**Data:**
*****
Lemma twins_orderE x m : x \in G ->
  [set y in twins (@cyclic2 gT) G x | #[y] == m] =
    if twin_order x m then [set y in D x | #[y] == m] else set0.
Proof.
move=> xG; case: ifPn => [/andP[_ /forall_inP blocked] | no_twin].
  apply/setP=> y; rewrite !inE; case: (boolP (y \in G)) => //= yG.
  have [om | _] := eqVneq #[y] m; rewrite ?andbF ?andbT //.
  apply/eqP/idP=> [-> // | sNxy].
  have yDx : y \in D x by rewrite inE yG.
  have /eqP eDyx : #|D y| == #|D x|.
    by apply: (implyP (blocked y yDx)); rewrite -om order_dvd_dominators.
  have /eqP eqDyx : D y == D x by rewrite eqEcard dominators_trans ?eDyx /=.
  have : x \in D y by rewrite eqDyx dominators_id.
  by rewrite inE xG /= => sNyx; apply/eqP; rewrite eqEsubset sNyx.
apply/setP=> y; rewrite in_set in_set0; apply: contraNF no_twin.
case/andP=> /[dup] twin_y /[!inE] /andP[yG _] /eqP om.
have eDyx := twins_dominators twin_y; have yDx : y \in D x by rewrite -eDyx dominators_id.
apply/andP; split; first by rewrite -eDyx -om order_dvd_dominators.
apply/forall_inP=> z zDx; rewrite -om (dvd_dominators_order xG) //.
apply/implyP=> /dominators_trans sDyz; rewrite eqn_leq subset_leq_card ?dominators_trans //.
by rewrite -eDyx subset_leq_card.
Qed.

Lemma card_twins_order x m : x \in G ->
  #|[set y in twins (@cyclic2 gT) G x | #[y] == m]| = if twin_order x m then totient m else 0.
Proof.
move=> xG; rewrite twins_orderE //; case: ifP => [/andP[m_dvd _] | _]; last exact: cards0.
by rewrite card_cyclic_order ?dominators_cyclic ?m_dvd.
Qed.

End Dominators.

Section CyclicIsomorphisms.
Variables (gT hT : finGroupType) (G : {group gT}) (H : {group hT}) (f : gT -> hT).
Hypothesis iso_f : rel_iso (@cyclic2 gT) (@cyclic2 hT) G H f.

Lemma twin_order_rel_iso x m : x \in G -> twin_order H (f x) m = twin_order G x m.
Proof.
case: iso_f => f_inj fGH f_cyc xG.
have cardD := card_dominators_rel_iso f_inj fGH f_cyc.
rewrite /twin_order cardD // (dominators_rel_iso f_inj fGH f_cyc) //; congr (_ && _).
have DG z : z \in dominators (@cyclic2 gT) G x -> z \in G.
  exact: subsetP (dominators_sub _ _ _) z.
apply/forall_inP/forall_inP=> [Dm z zD | Dm _ /imsetP[z zD ->]]; last by rewrite cardD ?DG ?Dm.
by rewrite -cardD ?DG ?Dm ?imset_f.
Qed.

Lemma card_twins_order_rel_iso x m : x \in G ->
  #|[set y in twins (@cyclic2 hT) H (f x) | #[y] == m]| =
    #|[set y in twins (@cyclic2 gT) G x | #[y] == m]|.
Proof.
case: (iso_f) => _ fGH _ xG.
by rewrite !card_twins_order ?twin_order_rel_iso // -fGH imset_f.
Qed.

Lemma rel_iso_order_preserving :
  exists2 g, rel_iso (@cyclic2 gT) (@cyclic2 hT) G H g & {in G, forall x, #[g x] = #[x]}.
Proof.
have [f_inj fGH f_cyc] := iso_f; pose NH := nbhd (@cyclic2 hT) H.
have [g [g_inj gGH kg]] : exists g : gT -> hT, [/\ {in G &, injective g}, g @: G = H &
    {in G, forall x, (NH (g x), #[g x]) = (NH (f x), #[x])}].
  apply: (fibre_preserving_bij 1 (kA := fun y => (NH (f y), #[y])) (kB := fun w => (NH w, #[w]))).
  move=> [S m].
  case: (boolP [exists x in G, S == NH (f x)]) => [/exists_inP[x xG /eqP->] | noS].
    transitivity #|[set y in twins (@cyclic2 gT) G x | #[y] == m]|.
      apply: eq_card => y; rewrite !inE xpair_eqE; case: (boolP (y \in G)) => //= yG.
      by rewrite (eq_nbhd_rel_iso f_inj fGH f_cyc).
    rewrite -card_twins_order_rel_iso //.
    by apply: eq_card => w; rewrite !inE xpair_eqE andbA.
  rewrite !eq_card0 // => [w | y]; rewrite !inE xpair_eqE.
    apply/andP=> -[/[dup] wH]; rewrite -fGH => /imsetP[y yG ->] /andP[/eqP eS _].
    by case/exists_inP: noS; exists y; rewrite ?eS.
  apply/andP=> -[yG /andP[/eqP eS _]].
  by case/exists_inP: noS; exists y; rewrite ?eS.
exists g => [|x /kg[]//].
by apply: (rel_iso_eq_nbhd fGH f_cyc _ g_inj gGH) => [|x /kg[]]; first exact: cyclic2C.
Qed.

End CyclicIsomorphisms.

Lemma pelts_nilpotent (gT : finGroupType) (G : {group gT}) pi :
  nilpotent G -> [set x in G | pi.-elt x] = 'O_pi(G).
Proof.
move=> nilG; apply/setP=> x; rewrite inE; have [xG | xG'] := boolP (x \in G).
  by rewrite (mem_Hall_pcore (nilpotent_pcore_Hall pi nilG) xG).
by apply/esym/negbTE; apply: contra xG'; apply: subsetP; apply: pcore_sub.
Qed.

Lemma Sylow_uniq_nilpotent (gT : finGroupType) (G : {group gT}) :
  (forall p (P Q : {group gT}), p.-Sylow(G) P -> p.-Sylow(G) Q -> P :=: Q) ->
  nilpotent G.
Proof.
move=> Syl_uniq; suff <- : 'F(G) = G by apply: Fitting_nil.
apply/eqP; rewrite eqEsubset Fitting_sub -{1}(Sylow_gen G) gen_subG.
apply/bigcupsP=> P /SylowP[p _ sylP].
apply: Fitting_max; last exact: pgroup_nil (pHall_pgroup sylP).
rewrite /normal (pHall_sub sylP) /=; apply/subsetP=> x xG; apply/normP.
by apply: (Syl_uniq p (P :^ x)%G P _ sylP); rewrite pHallJ.
Qed.

Section OrderPreservingBijection.
Variables (gT hT : finGroupType) (G : {group gT}) (H : {group hT}) (g : gT -> hT).
Hypotheses (g_inj : {in G &, injective g}) (gGH : g @: G = H).
Hypothesis g_order : {in G, forall x, #[g x] = #[x]}.

Lemma imset_pelts pi : g @: [set x in G | pi.-elt x] = [set y in H | pi.-elt y].
Proof.
apply/setP=> y; apply/imsetP/idP=> [[x /[!inE] /andP[xG pi_x] ->] | /[!inE] /andP[]].
  by rewrite -gGH imset_f //= /p_elt g_order.
rewrite -gGH => /imsetP[x xG ->]; rewrite /p_elt g_order // => pi_x.
by exists x; rewrite ?inE ?xG.
Qed.

Lemma Hall_order_preserving pi (Q : {group hT}) :
  nilpotent G -> pi.-Hall(H) Q -> Q :=: g @: 'O_pi(G).
Proof.
move=> nilG hallQ; rewrite -pelts_nilpotent // imset_pelts; apply/eqP.
rewrite eqEcard; apply/andP; split.
  apply/subsetP=> y yQ; rewrite inE (subsetP (pHall_sub hallQ)) //=.
  exact: mem_p_elt (pHall_pgroup hallQ) yQ.
have sub_in := sub_in2 (fun x => subsetP (pcore_sub pi G) x) g_inj.
rewrite -imset_pelts pelts_nilpotent // card_in_imset //.
rewrite (card_Hall (nilpotent_pcore_Hall pi nilG)) (card_Hall hallQ).
by rewrite -gGH card_in_imset.
Qed.

End OrderPreservingBijection.

Lemma consttM_coprime (gT : finGroupType) pi (a b : gT) :
  commute a b -> pi.-elt a -> pi^'.-elt b -> (a * b).`_pi = a /\ (a * b).`_pi^' = b.
Proof.
move=> cab pi_a pi'_b; rewrite !consttM // (constt_p_elt pi_a) (constt_p_elt pi'_b).
have -> : b.`_pi = 1 by apply/constt1P.
have -> : a.`_pi^' = 1 by apply/constt1P; rewrite p_eltNK.
by rewrite mulg1 mul1g.
Qed.

Section CoprimeCentralProduct.
Variables (gT : finGroupType) (pi : nat_pred) (A B : {group gT}).
Hypotheses (piA : pi.-group A) (pi'B : pi^'.-group B) (cAB : B \subset 'C(A)).

Lemma consttM_central a b : a \in A -> b \in B -> (a * b).`_pi = a /\ (a * b).`_pi^' = b.
Proof.
move=> aA bB; apply: consttM_coprime; rewrite ?(mem_p_elt piA) ?(mem_p_elt pi'B) //.
exact/esym/(centP (subsetP cAB b bB)).
Qed.

Lemma cyclic2_central a1 a2 b1 b2 : a1 \in A -> a2 \in A -> b1 \in B -> b2 \in B ->
  cyclic2 (a1 * b1) (a2 * b2) = cyclic2 a1 a2 && cyclic2 b1 b2.
Proof.
move=> a1A a2A b1B b2B.
have [pi_1 pi'_1] := consttM_central a1A b1B; have [pi_2 pi'_2] := consttM_central a2A b2B.
apply/idP/andP=> [cyc12 | [/cyclicP[a ea] /cyclicP[b eb]]].
  pose X := [group of <<[set a1 * b1; a2 * b2]>>].
  have constt_X rho : (a1 * b1).`_rho \in X /\ (a2 * b2).`_rho \in X.
    by split; apply: subsetP (cycle_constt rho _); rewrite cycle_subG ?mem_gen2l ?mem_gen2r.
  have [a1X a2X] := constt_X pi; have [b1X b2X] := constt_X pi^'.
  rewrite pi_1 pi_2 in a1X a2X; rewrite pi'_1 pi'_2 in b1X b2X.
  by split; apply: (@cyclic2_sub _ X _ _ cyc12).
have aA : a \in A by rewrite -cycle_subG -ea gen2_subG a1A.
have bB : b \in B by rewrite -cycle_subG -eb gen2_subG b1B.
have [pi_ab pi'_ab] := consttM_central aA bB.
have [sa sb] : <[a]> \subset <[a * b]> /\ <[b]> \subset <[a * b]>.
  by split; rewrite cycle_subG; [rewrite -{1}pi_ab | rewrite -{1}pi'_ab]; apply: cycle_constt.
rewrite -ea -eb !gen2_subG in sa sb; case/andP: sa => a1ab a2ab; case/andP: sb => b1ab b2ab.
by apply: (cyclic2_sub (cycle_cyclic (a * b))); apply: groupM.
Qed.

End CoprimeCentralProduct.

Lemma epg_iso_dprod (gT hT : finGroupType) pi (A B G : {group gT}) (A' B' H : {group hT}) :
    A \x B = G -> A' \x B' = H ->
    pi.-group A -> pi^'.-group B -> pi.-group A' -> pi^'.-group B' ->
  epg_iso A A' -> epg_iso B B' -> epg_iso G H.
Proof.
move=> defG defH piA pi'B piA' pi'B' /epg_isoE[g iso_g] /epg_isoE[h iso_h].
have [[g_inj gAA' g_cyc] [h_inj hBB' h_cyc]] := (iso_g, iso_h).
have [_ _ cAB _] := dprodP defG; have [_ mulA'B' cA'B' _] := dprodP defH.
have constt_G x : x \in G -> x.`_pi \in A /\ x.`_pi^' \in B.
  move=> xG; have [a [b [aA bB -> _]]] := mem_dprod defG xG.
  by have [-> ->] := consttM_central piA pi'B cAB aA bB.
have gA a : a \in A -> g a \in A' by move=> aA; rewrite -gAA' imset_f.
have hB b : b \in B -> h b \in B' by move=> bB; rewrite -hBB' imset_f.
pose F x : hT := g x.`_pi * h x.`_pi^'.
have constt_F x : x \in G -> (F x).`_pi = g x.`_pi /\ (F x).`_pi^' = h x.`_pi^'.
  by case/constt_G=> xA xB; exact (consttM_central piA' pi'B' cA'B' (gA _ xA) (hB _ xB)).
have F_inj : {in G &, injective F}.
  move=> x y xG yG eqF; have [[xA xB] [yA yB]] := (constt_G x xG, constt_G y yG).
  have [[Fx_pi Fx_pi'] [Fy_pi Fy_pi']] := (constt_F x xG, constt_F y yG).
  have e_pi : x.`_pi = y.`_pi by apply: g_inj; rewrite // -Fx_pi -Fy_pi eqF.
  have e_pi' : x.`_pi^' = y.`_pi^' by apply: h_inj; rewrite // -Fx_pi' -Fy_pi' eqF.
  by rewrite -(consttC pi x) -(consttC pi y) e_pi e_pi'.
apply/epg_isoE; exists F; split=> //.
  apply/eqP; rewrite eqEcard card_in_imset // -(dprod_card defG) -(dprod_card defH).
  rewrite (card_rel_iso iso_g) (card_rel_iso iso_h) leqnn andbT.
  by apply/subsetP=> _ /imsetP[x /constt_G[xA xB] ->]; rewrite -mulA'B' mem_mulg ?gA ?hB.
move=> x y xG yG; have [[xA xB] [yA yB]] := (constt_G x xG, constt_G y yG).
rewrite -{2}(consttC pi x) -{2}(consttC pi y) (cyclic2_central piA pi'B cAB) //.
by rewrite (cyclic2_central piA' pi'B' cA'B') ?gA ?hB // g_cyc ?h_cyc.
Qed.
*****
**What you will do:** The lines to extract from the data above begin with the line containing "apply/implyP=> /dominators_trans sDyz;" and end with the line containing "Section CyclicIsomorphisms.". Extract them exactly, including both.

**Response:**
apply/implyP=> /dominators_trans sDyz; rewrite eqn_leq subset_leq_card ?dominators_trans //.
by rewrite -eDyx subset_leq_card.
Qed.

Lemma card_twins_order x m : x \in G ->
  #|[set y in twins (@cyclic2 gT) G x | #[y] == m]| = if twin_order x m then totient m else 0.
Proof.
move=> xG; rewrite twins_orderE //; case: ifP => [/andP[m_dvd _] | _]; last exact: cards0.
by rewrite card_cyclic_order ?dominators_cyclic ?m_dvd.
Qed.

End Dominators.

Section CyclicIsomorphisms.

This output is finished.